(Data excerpts)
= = = = =

Lemma killed_by_retract n {A B : Ob K} (u : Hom A B) (v : Hom B A) :
  comp v u = idm A -> killed_by n B -> killed_by n A.
Proof.
  unfold killed_by. intros Hvu HB.
  rewrite <- Hvu, nmul_compl, <- (nmul_idl u), HB, comp_0l. apply comp_0r.
Qed.

Lemma hom_torsion_free_retract n {A B : Ob K} (u : Hom A B) (v : Hom B A) :
  comp v u = idm A -> hom_torsion_free n B -> hom_torsion_free n A.
Proof.
  intros Hvu HB D g Hg.
  rewrite <- (comp_idr g), <- Hvu, comp_assoc, (HB D (comp g v)).
  - apply comp_0l.
  - rewrite nmul_compr, Hg. apply comp_0l.
Qed.

Section Tensor.
Hypotheses (Hmon : is_monoidal (K := K)) (Hdist : tensor_distributes (K := K)).

Lemma lam_iso (X : Ob K) :
  comp (lam_inv X) (lam X) = idm _ /\ comp (lam X) (lam_inv X) = idm _.
Proof. destruct Hmon as [_ [_ [_ [_ [_ [H _]]]]]]; apply H. Qed.

Lemma rho_iso (X : Ob K) :
  comp (rho_inv X) (rho X) = idm _ /\ comp (rho X) (rho_inv X) = idm _.
Proof. destruct Hmon as [_ [_ [_ [_ [_ [_ [_ [H _]]]]]]]]; apply H. Qed.

Lemma tensh_idl_nmul (X A : Ob K) n :
  tensh (idm X) (nmul (idm A) n) = nmul (idm (tens X A)) n.
Proof.
  destruct Hmon as [Htid [Htcomp _]].
  rewrite (functor_nmul (tens X) (fun A B f => tensh (idm X) f)), Htid.
  - reflexivity.
  - intros; apply Htid.
  - intros; rewrite <- Htcomp, comp_idl; reflexivity.
  - intros O HO; apply (Hdist X), HO.
  - intros * Hc; apply (Hdist X), Hc.
Qed.

Lemma tensh_idr_nmul (X A : Ob K) n :
  tensh (nmul (idm A) n) (idm X) = nmul (idm (tens A X)) n.
Proof.
  destruct Hmon as [Htid [Htcomp _]].
  rewrite (functor_nmul (fun A => tens A X) (fun A B f => tensh f (idm X))), Htid.
  - reflexivity.
  - intros; apply Htid.
  - intros; rewrite <- Htcomp, comp_idl; reflexivity.
  - intros O HO; apply (Hdist X), HO.
  - intros * Hc; apply (Hdist X), Hc.
Qed.

Section CofiberOfMultiplication.
Variables (m : nat) (E : Ob K) (r : Hom tunit E).
Hypothesis Hr : is_cofiber (nmul (idm tunit) m) E r.

Definition restrict_along_unit {C D : Ob K} (f : Hom (tens C E) D) : Hom C D :=
  comp f (comp (tensh (idm C) r) (rho_inv C)).

Lemma cofiber_tensh_l (X : Ob K) :
  is_cofiber (nmul (idm (tens X tunit)) m) (tens X E) (tensh (idm X) r).
Proof. rewrite <- tensh_idl_nmul. apply (Hdist X), Hr. Qed.

Lemma cofiber_tensh_r (X : Ob K) :
  is_cofiber (nmul (idm (tens tunit X)) m) (tens E X) (tensh r (idm X)).
Proof. rewrite <- tensh_idr_nmul. apply (Hdist X), Hr. Qed.

Lemma killed_by_cofiber : killed_by m E.
Proof.
  apply (cofiber_epi _ r _ _ Hr).
  rewrite nmul_idl, <- nmul_idr, (proj1 Hr), comp_0l. reflexivity.
Qed.

Lemma killed_by_tens_unit (X : Ob K) : killed_by m (tens tunit X) <-> killed_by m X.
Proof.
  destruct (lam_iso X) as [H1 H2].
  split; [apply (killed_by_retract m (lam_inv X) (lam X) H2)
         | apply (killed_by_retract m (lam X) (lam_inv X) H1)].
Qed.

Lemma stable_iff_killed_by (X : Ob K) : is_stable E r X <-> killed_by m X.
Proof.
  exact (iff_trans (cofiber_iso_iff _ _ (cofiber_tensh_r X)) (killed_by_tens_unit X)).
Qed.

Lemma torsion_iff_hom_torsion_free (X : Ob K) :
  is_torsion E X <-> hom_torsion_free m X.
Proof.
  destruct (lam_iso X) as [H1 H2].
  apply (iff_trans (cofiber_zero_obj_iff _ _ (cofiber_tensh_r X))).
  split; intros H.
  - apply (hom_torsion_free_retract m (lam_inv X) (lam X) H2).
    intros D g Hg. apply H. rewrite nmul_idr. exact Hg.
  - intros D g Hg. apply (hom_torsion_free_retract m (lam X) (lam_inv X) H1 H).
    rewrite <- nmul_idr. exact Hg.
Qed.

Lemma restrict_along_unit_killed {C D : Ob K} (f : Hom (tens C E) D) :
  nmul (restrict_along_unit f) m = hzero C D.
Proof.
  unfold restrict_along_unit.
  rewrite nmul_compl, nmul_compr, <- nmul_idr, (proj1 (cofiber_tensh_l C)), comp_0l.
  apply comp_0r.
Qed.

Lemma restrict_along_unit_inj {C D : Ob K} (f g : Hom (tens C E) D) :
  restrict_along_unit f = restrict_along_unit g -> f = g.
Proof.
  unfold restrict_along_unit. intros H.
  rewrite !comp_assoc in H.
  apply (cofiber_epi _ _ _ _ (cofiber_tensh_l C)).
  rewrite <- (comp_idr (comp f _)), <- (comp_idr (comp g _)), <- (proj1 (rho_iso C)).
  rewrite !comp_assoc, H. reflexivity.
Qed.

= = = = =

- _WHAT YOU HAVE TO DO_:
Give back, word for word, only the lines above from the line holding "Lemma torsion_iff_hom_torsion_free (X" to the line holding "- apply (hom_torsion_free_retract", both included.

- _SOLUTION FOR THIS TASK_:
Lemma torsion_iff_hom_torsion_free (X : Ob K) :
  is_torsion E X <-> hom_torsion_free m X.
Proof.
  destruct (lam_iso X) as [H1 H2].
  apply (iff_trans (cofiber_zero_obj_iff _ _ (cofiber_tensh_r X))).
  split; intros H.
  - apply (hom_torsion_free_retract m (lam_inv X) (lam X) H2).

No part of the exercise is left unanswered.